Now let’s add in capital. Most of the time, you can increase your wealth by investing. How do we compare goods now from goods in the future for the purposes of taxation? To get an equal tax, the ratio of how much you could get today should be the same as the proportion of what you could get in the future, relative to what you contributed. So an equal tax rate of 50% should allow you to get 50% of what you contributed today, or 50% of what you could have gotten in the future, relative to a tax free world.

Equal Tax Rates
50% Current tax
50% Future Tax

Capital Gains Tax
Capital gains taxes, which tax investment, result in creating two different tax rates depending on when someone consumes. If you consume right away, you are taxed equal to the income tax. If you wait to consume, you are taxed by both the income and the capital gains tax. Investments generate positive externalities and so taxing investment more than immediate consumption is a bad idea. The graph below shows how capital gains taxes work:
Capital Gains Tax
Area 1 is the amount collected by the income tax. The Area 3 is the investment return that would have accrued had there been no income tax. The investment grows from 50 to 100 instead of 100 to 200. It never exists, so it is not a collected tax. Area 2 is the amount collected by the capital gains tax. The capital gains tax is levied on the increase from 50 to 100, and so collects 25. The person is able to consume 75 in the future. Under a consumption tax, the taxpayer would have been able to consume 100, or half the amount they would have been able to in a tax free world. Under a combined income and capital gains tax of 50% each, they are only able to consume 75.

My Opinion
I favor a consumption tax. It has the advantage of taxing all income, no matter the source, at an equal rate. It also encourages investment, relative to a income and consumption tax. Capital gains taxes are often framed as affecting only the rich, but this is not true. Capital taxes affect middle class savers as well as workers, by reducing investment and thus labor productivity. If you want to target the rich, it is far better to do that directly through a progressive consumption tax, which only targets those who are actually consuming more than the average person. The quirmy super rich will always find a way to avoid paying the rat’s nest of taxes that America currently has. The experience in Europe has been that consumption taxes are very easy to collect and very hard to evade. As the saying goes, even drug dealers pay the VAT.

Further Reading:
Garett Jones on taxing capital
Robert Frank on the Progressive Consumption tax
Scott Sumner on the optimal tax
My post on land taxes

2 Comments leave one →
  1. March 12, 2013 4:09 pm

    If you eliminate the cap on IRA contributions you can have a progressive consumption tax.
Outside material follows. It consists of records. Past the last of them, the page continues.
(* Let $K$ be a field, $P=K[x_1,\dots,x_n]$, and $\sigma$ a term ordering on $\mathbb{T}^n$. Let $J$ be an ideal in $P$ and let $F$ be a set of non-zero polynomials in $J$. Then: (a) $O_\sigma(J)=O_\sigma(F)$ if and only if $F$ is a $\sigma$-Gröbner basis of $J$; (b) if $F$ is not a $\sigma$-Gröbner basis of $J$, then $O_\sigma(J)\prec_\sigma O_\sigma(F)$.
   Context: $\mathbb{T}^n$ is the monoid of power-products in $x_1,\dots,x_n$. A tuple $(t_1,\dots,t_r)$ of distinct power-products is $\sigma$-ordered if $t_1<_\sigma\cdots<_\sigma t_r$ (the empty tuple is $\sigma$-ordered). The interreduction of a set $T$ of power-products is the set of elements of $T$ not divisible by any other element of $T$. For a set $F$ of non-zero polynomials, $O_\sigma(F)$ is the $\sigma$-ordered tuple of the interreduction of $\{\mathrm{LT}_\sigma(f):f\in F\}$. For an ideal $I$, $O_\sigma(I)$ is the $\sigma$-ordered tuple of the leading terms of a minimal $\sigma$-Gröbner basis of $I$ (equivalently, of the minimal power-product generators of $\mathrm{LT}_\sigma(I)$); it is the empty tuple if $I=0$. For $\sigma$-ordered tuples $T=(t_1,\dots,t_r)$ and $T'=(t'_1,\dots,t'_{r'})$, $T'\prec_\sigma T$ ($T'$ $\sigma$-precedes $T$) means either $T$ is a proper prefix of $T'$ (i.e. $r<r'$ and $t_i=t'_i$ for $i\le r$), or there is $k\le\min(r,r')$ with $t_i=t'_i$ for $i<k$ and $t'_k<_\sigma t_k$. *)

From HB Require Import structures.
From mathcomp Require Import all_boot all_order all_algebra.
From mathcomp.multinomials Require Import mpoly.
From Stdlib Require Import ClassicalEpsilon.

Set Implicit Arguments.
Unset Strict Implicit.
Unset Printing Implicit Defensive.
Import GRing.Theory.
Local Open Scope ring_scope.

(* Power-products T^n are the monomials 'X_{1..n} (exponent vectors);
   the product of power-products is (m1 + m2)%MM, 1 is 0%MM, and
   divisibility t1 | t2 is the pointwise order (t1 <= t2)%MM. *)

Definition term_ordering (n : nat) (le : rel 'X_{1..n}) : Prop :=
  [/\ reflexive le, antisymmetric le, transitive le, total le &
   ((forall t1 t2 t : 'X_{1..n}, le t1 t2 -> le (t1 + t)%MM (t2 + t)%MM) /\
      (forall t : 'X_{1..n}, le 0%MM t))].

Definition tlt (n : nat) (le : rel 'X_{1..n}) : rel 'X_{1..n} :=
  fun t1 t2 => (t1 != t2) && le t1 t2.

(* leading term LT_sigma(p): the sigma-largest power-product in the support
   of p (only used for p <> 0). *)
Definition LT (n : nat) (le : rel 'X_{1..n}) (K : fieldType)
    (p : {mpoly K[n]}) : 'X_{1..n} :=
  foldr (fun t acc => if le acc t then t else acc) 0%MM (msupp p).

Definition tdvd (n : nat) (t1 t2 : 'X_{1..n}) : bool := (t1 <= t2)%MM.

Definition is_ideal (n : nat) (K : fieldType) (J : {mpoly K[n]} -> Prop) : Prop :=
  [/\ J 0,
      (forall f g, J f -> J g -> J (f + g)) &
      (forall f g, J g -> J (f * g))].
If you make all the other taxes individual you greatly simplify taxation. We could put all of our income into an IRA and pay a progressive consumption tax on the money that we draw out of the IRA. You can already borrow from an IRA to buy a house so that works also. Now if one wants to fund a business startup there would need to be a way to do that pretax perhaps through a lborrowing from the IRA.

    • March 13, 2013 4:08 pm

      That sounds reasonable. I think one reason why our tax code is so complex is to hide the burden of taxation, so people don’t get upset about it.